EXERCISE:
From the line with "Lemma four_sqr_sub1_neq0 (m" through the line with "have cert0 : term_cert", inclusive, return each line of the data below exactly and leave the rest out.

Collected data:
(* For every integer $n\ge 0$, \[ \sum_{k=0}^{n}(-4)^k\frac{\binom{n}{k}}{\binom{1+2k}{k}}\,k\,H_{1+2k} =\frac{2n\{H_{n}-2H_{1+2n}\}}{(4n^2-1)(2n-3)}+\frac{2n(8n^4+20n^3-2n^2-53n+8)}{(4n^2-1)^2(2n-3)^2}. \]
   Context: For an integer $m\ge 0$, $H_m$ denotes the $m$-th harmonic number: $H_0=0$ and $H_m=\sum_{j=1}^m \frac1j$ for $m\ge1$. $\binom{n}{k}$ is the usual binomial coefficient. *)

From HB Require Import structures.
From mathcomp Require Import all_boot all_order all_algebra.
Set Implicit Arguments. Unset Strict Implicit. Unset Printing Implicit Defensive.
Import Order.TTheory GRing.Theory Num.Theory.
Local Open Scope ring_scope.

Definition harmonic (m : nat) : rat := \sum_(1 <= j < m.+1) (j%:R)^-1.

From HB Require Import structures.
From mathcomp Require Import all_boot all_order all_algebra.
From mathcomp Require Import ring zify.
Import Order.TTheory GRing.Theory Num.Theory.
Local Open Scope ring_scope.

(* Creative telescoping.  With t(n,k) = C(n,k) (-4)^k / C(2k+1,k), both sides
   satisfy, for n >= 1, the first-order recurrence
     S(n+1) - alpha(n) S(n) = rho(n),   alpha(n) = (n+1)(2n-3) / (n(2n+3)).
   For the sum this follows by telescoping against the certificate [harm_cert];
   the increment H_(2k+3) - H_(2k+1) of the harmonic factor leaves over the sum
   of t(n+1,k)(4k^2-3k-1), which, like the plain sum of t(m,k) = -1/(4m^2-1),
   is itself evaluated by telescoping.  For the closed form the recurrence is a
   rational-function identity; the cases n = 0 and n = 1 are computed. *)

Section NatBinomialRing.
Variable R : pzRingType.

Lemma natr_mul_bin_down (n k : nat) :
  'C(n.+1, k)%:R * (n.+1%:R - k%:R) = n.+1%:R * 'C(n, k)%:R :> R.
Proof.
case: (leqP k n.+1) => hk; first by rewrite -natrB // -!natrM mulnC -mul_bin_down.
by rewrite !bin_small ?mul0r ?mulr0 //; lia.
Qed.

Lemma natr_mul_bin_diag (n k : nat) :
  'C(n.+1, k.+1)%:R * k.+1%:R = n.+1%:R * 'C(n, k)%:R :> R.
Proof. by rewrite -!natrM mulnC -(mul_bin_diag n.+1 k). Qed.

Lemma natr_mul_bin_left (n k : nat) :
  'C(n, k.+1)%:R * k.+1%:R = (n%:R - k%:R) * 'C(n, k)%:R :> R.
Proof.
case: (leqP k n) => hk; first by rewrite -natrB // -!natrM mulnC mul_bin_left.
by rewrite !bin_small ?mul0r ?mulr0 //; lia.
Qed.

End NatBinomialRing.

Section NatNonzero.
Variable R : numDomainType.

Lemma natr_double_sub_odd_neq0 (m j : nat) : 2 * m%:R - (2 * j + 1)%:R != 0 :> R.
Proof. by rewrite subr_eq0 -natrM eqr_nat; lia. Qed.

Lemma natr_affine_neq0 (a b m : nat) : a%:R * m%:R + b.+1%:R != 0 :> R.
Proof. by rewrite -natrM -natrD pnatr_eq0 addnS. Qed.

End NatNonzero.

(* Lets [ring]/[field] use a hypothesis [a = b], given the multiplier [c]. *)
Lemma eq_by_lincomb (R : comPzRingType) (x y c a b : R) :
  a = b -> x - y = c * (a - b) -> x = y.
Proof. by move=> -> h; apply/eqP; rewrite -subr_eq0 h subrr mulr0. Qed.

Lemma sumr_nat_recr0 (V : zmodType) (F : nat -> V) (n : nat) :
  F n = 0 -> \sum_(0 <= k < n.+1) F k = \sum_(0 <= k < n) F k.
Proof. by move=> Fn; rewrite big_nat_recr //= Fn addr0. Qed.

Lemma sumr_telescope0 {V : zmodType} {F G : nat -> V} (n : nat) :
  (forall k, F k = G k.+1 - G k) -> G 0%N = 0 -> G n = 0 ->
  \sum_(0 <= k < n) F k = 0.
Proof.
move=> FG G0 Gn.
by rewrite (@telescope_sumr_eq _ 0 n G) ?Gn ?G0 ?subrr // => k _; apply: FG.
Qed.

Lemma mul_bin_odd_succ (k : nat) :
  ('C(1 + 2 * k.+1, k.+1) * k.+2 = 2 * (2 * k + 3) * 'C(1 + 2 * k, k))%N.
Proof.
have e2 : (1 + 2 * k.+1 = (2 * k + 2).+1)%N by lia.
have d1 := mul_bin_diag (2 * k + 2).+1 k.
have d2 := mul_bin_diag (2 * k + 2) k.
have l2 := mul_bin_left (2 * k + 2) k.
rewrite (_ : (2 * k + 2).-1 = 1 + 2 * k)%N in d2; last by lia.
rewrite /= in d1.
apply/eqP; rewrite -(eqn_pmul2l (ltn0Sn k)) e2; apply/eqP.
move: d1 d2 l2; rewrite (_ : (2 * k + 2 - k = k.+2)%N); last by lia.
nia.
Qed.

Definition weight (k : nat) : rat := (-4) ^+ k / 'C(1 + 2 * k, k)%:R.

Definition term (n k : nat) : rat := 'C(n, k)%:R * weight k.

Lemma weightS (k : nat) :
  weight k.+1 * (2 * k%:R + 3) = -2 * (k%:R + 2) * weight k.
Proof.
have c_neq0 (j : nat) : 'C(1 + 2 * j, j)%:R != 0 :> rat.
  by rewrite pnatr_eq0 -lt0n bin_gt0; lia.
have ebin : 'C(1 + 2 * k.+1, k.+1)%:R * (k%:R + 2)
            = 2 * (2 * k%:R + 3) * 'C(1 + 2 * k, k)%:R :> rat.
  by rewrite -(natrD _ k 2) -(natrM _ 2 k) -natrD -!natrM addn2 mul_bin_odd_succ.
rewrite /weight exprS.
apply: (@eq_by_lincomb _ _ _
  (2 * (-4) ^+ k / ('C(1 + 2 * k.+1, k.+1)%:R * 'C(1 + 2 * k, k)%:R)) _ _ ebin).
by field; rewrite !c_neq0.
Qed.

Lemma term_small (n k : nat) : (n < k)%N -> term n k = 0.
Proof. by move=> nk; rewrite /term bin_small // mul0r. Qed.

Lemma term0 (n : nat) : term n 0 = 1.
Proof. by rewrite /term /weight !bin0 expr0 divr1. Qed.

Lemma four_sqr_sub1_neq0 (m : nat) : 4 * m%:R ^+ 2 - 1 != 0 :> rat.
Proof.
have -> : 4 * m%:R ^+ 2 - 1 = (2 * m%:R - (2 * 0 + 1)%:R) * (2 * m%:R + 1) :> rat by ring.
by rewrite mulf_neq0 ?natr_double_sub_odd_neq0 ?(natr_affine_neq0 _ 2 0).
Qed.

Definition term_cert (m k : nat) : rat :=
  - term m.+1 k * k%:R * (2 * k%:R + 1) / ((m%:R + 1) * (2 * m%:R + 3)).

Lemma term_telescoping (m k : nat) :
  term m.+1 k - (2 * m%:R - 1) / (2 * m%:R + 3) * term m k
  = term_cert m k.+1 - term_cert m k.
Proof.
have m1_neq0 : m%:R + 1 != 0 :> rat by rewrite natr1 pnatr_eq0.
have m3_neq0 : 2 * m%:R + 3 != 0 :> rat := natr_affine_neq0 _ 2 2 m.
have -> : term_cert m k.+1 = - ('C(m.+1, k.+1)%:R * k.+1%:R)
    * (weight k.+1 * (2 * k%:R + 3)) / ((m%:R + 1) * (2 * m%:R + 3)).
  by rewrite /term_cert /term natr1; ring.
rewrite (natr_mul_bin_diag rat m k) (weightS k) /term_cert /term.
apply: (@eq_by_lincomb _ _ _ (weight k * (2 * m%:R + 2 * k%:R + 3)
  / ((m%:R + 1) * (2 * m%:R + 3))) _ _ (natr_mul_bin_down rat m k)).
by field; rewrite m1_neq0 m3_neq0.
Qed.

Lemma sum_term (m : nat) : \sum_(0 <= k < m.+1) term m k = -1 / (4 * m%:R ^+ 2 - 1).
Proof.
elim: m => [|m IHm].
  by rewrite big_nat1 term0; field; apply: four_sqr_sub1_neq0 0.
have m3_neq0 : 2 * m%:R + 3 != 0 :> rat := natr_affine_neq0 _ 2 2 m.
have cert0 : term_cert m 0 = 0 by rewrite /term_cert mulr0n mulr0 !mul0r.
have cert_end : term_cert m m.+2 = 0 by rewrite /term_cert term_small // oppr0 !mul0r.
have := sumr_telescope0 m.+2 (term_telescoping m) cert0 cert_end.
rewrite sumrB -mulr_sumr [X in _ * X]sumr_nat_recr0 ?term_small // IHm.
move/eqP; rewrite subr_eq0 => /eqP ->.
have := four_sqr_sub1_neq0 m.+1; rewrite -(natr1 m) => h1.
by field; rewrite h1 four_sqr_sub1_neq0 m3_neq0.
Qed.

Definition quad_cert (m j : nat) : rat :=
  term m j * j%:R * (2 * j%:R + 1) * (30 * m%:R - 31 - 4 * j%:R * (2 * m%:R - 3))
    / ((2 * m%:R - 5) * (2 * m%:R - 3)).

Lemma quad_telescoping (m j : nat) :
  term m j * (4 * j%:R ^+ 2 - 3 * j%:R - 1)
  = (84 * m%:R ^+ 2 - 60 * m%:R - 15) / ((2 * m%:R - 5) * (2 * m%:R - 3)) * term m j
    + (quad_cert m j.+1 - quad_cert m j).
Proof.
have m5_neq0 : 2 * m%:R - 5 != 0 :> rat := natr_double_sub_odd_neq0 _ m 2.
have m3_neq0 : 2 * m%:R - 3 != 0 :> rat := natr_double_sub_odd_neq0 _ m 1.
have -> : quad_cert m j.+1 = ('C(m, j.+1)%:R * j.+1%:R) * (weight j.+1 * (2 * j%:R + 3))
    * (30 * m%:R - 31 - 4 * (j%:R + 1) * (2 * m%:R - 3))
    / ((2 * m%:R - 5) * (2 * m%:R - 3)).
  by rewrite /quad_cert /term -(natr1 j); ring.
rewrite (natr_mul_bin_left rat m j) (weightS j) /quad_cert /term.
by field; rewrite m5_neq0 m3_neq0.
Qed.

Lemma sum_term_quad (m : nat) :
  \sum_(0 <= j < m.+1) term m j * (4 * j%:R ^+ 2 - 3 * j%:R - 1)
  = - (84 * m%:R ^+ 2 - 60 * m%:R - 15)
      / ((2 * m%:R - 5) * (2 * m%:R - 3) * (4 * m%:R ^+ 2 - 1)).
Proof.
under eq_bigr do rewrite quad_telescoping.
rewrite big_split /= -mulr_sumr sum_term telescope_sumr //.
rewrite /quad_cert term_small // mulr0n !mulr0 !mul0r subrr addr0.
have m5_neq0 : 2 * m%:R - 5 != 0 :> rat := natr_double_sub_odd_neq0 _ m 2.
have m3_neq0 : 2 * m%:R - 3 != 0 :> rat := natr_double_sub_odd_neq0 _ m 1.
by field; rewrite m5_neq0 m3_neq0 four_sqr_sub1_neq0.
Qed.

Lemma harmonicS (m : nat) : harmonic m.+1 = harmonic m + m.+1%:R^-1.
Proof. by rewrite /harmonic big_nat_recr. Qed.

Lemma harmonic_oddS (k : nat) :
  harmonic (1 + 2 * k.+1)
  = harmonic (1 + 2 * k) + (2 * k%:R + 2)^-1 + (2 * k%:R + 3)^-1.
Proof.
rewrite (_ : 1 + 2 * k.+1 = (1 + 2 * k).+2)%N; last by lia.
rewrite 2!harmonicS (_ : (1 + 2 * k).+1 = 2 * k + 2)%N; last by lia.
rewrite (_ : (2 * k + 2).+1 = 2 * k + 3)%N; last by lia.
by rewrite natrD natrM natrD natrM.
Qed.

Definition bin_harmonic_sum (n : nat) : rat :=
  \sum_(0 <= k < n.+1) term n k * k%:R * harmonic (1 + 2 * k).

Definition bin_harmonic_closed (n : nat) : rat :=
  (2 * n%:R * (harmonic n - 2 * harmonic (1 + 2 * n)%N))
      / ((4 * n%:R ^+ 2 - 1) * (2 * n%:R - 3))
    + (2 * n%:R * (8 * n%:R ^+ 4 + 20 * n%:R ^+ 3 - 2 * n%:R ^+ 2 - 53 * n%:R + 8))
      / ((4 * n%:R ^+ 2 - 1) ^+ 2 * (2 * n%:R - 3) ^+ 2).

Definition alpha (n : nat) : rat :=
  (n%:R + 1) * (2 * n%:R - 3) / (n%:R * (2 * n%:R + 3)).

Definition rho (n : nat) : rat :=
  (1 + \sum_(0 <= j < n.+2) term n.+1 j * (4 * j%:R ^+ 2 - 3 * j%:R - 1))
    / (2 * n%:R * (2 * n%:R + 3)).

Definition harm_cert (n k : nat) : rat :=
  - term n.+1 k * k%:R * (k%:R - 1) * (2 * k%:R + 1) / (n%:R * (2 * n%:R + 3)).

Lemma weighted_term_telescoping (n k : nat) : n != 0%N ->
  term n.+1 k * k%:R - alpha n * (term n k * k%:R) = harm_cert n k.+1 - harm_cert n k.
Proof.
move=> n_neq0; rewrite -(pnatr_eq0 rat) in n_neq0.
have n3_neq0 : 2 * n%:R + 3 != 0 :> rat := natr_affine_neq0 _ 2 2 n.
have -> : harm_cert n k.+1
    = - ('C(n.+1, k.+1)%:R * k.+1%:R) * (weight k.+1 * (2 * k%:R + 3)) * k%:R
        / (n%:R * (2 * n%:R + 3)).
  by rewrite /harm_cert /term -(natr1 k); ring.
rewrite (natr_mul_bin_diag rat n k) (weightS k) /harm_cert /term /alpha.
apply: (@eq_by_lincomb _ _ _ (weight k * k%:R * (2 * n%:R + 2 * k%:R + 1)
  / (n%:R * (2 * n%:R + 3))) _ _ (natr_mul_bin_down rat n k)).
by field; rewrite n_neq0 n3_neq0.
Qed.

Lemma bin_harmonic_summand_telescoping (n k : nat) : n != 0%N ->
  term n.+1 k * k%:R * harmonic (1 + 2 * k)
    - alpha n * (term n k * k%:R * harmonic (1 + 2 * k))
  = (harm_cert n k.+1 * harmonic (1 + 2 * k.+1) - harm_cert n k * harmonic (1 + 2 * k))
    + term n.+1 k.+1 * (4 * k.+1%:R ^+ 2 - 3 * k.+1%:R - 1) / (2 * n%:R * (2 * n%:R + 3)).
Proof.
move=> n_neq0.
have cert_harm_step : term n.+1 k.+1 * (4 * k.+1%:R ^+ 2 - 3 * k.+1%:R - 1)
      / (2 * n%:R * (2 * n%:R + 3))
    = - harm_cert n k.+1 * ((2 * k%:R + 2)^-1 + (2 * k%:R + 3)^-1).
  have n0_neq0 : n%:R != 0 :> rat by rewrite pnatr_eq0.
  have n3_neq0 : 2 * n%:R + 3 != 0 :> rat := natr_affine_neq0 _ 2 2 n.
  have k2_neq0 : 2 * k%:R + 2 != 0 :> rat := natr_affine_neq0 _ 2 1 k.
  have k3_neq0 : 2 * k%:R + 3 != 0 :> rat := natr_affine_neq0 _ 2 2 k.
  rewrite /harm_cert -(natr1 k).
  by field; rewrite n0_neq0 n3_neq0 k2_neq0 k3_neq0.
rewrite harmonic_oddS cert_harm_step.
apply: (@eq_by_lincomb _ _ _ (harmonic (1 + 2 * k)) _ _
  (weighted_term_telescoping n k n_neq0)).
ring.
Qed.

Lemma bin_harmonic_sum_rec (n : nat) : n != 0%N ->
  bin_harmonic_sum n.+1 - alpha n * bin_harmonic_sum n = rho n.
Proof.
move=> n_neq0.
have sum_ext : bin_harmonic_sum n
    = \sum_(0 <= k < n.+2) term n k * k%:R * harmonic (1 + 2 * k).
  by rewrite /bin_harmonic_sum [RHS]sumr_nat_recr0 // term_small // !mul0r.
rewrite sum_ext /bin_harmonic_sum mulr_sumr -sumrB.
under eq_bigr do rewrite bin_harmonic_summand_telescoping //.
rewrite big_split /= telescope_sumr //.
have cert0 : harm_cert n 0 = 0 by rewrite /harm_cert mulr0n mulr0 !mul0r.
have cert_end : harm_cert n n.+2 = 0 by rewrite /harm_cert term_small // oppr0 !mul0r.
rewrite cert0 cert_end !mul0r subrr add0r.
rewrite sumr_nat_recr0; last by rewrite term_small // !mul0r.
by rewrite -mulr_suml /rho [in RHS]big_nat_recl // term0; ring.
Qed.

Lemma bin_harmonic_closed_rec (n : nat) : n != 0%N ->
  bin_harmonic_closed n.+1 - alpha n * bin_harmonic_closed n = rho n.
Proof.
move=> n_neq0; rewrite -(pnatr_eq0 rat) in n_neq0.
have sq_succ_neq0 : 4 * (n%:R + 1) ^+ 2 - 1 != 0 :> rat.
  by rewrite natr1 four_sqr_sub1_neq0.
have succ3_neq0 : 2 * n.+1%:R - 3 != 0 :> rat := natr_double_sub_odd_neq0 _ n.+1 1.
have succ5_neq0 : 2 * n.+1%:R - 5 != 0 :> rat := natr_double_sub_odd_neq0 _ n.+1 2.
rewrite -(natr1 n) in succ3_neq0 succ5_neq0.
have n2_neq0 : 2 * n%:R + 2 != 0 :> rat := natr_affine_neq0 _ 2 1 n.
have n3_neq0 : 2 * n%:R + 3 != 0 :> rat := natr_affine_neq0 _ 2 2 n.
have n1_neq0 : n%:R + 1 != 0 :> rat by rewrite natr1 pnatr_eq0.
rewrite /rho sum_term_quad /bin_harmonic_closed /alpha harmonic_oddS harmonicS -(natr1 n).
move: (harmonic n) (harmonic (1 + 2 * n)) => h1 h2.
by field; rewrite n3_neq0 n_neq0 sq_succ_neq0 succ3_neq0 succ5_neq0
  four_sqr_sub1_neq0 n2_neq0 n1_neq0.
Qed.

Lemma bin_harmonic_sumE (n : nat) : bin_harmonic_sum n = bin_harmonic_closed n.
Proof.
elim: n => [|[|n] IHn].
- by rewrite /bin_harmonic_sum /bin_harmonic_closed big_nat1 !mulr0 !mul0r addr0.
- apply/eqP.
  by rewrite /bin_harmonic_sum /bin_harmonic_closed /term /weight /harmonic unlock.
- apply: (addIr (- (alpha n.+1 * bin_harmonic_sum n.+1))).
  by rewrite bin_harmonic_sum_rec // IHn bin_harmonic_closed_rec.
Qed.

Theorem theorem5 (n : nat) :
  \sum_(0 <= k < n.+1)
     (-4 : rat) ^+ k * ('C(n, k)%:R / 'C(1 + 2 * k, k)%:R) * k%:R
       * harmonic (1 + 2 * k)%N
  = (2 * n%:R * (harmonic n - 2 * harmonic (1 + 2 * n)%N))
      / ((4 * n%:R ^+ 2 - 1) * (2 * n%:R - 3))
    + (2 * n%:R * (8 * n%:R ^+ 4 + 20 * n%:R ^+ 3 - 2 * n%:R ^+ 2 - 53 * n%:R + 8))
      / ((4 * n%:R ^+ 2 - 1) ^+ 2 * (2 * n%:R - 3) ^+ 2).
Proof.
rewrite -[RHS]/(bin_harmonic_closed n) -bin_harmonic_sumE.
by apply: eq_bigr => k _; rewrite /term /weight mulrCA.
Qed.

TASK OUTPUT:
Lemma four_sqr_sub1_neq0 (m : nat) : 4 * m%:R ^+ 2 - 1 != 0 :> rat.
Proof.
have -> : 4 * m%:R ^+ 2 - 1 = (2 * m%:R - (2 * 0 + 1)%:R) * (2 * m%:R + 1) :> rat by ring.
by rewrite mulf_neq0 ?natr_double_sub_odd_neq0 ?(natr_affine_neq0 _ 2 0).
Qed.

Definition term_cert (m k : nat) : rat :=
  - term m.+1 k * k%:R * (2 * k%:R + 1) / ((m%:R + 1) * (2 * m%:R + 3)).

Lemma term_telescoping (m k : nat) :
  term m.+1 k - (2 * m%:R - 1) / (2 * m%:R + 3) * term m k
  = term_cert m k.+1 - term_cert m k.
Proof.
have m1_neq0 : m%:R + 1 != 0 :> rat by rewrite natr1 pnatr_eq0.
have m3_neq0 : 2 * m%:R + 3 != 0 :> rat := natr_affine_neq0 _ 2 2 m.
have -> : term_cert m k.+1 = - ('C(m.+1, k.+1)%:R * k.+1%:R)
    * (weight k.+1 * (2 * k%:R + 3)) / ((m%:R + 1) * (2 * m%:R + 3)).
  by rewrite /term_cert /term natr1; ring.
rewrite (natr_mul_bin_diag rat m k) (weightS k) /term_cert /term.
apply: (@eq_by_lincomb _ _ _ (weight k * (2 * m%:R + 2 * k%:R + 3)
  / ((m%:R + 1) * (2 * m%:R + 3))) _ _ (natr_mul_bin_down rat m k)).
by field; rewrite m1_neq0 m3_neq0.
Qed.

Lemma sum_term (m : nat) : \sum_(0 <= k < m.+1) term m k = -1 / (4 * m%:R ^+ 2 - 1).
Proof.
elim: m => [|m IHm].
  by rewrite big_nat1 term0; field; apply: four_sqr_sub1_neq0 0.
have m3_neq0 : 2 * m%:R + 3 != 0 :> rat := natr_affine_neq0 _ 2 2 m.
have cert0 : term_cert m 0 = 0 by rewrite /term_cert mulr0n mulr0 !mul0r.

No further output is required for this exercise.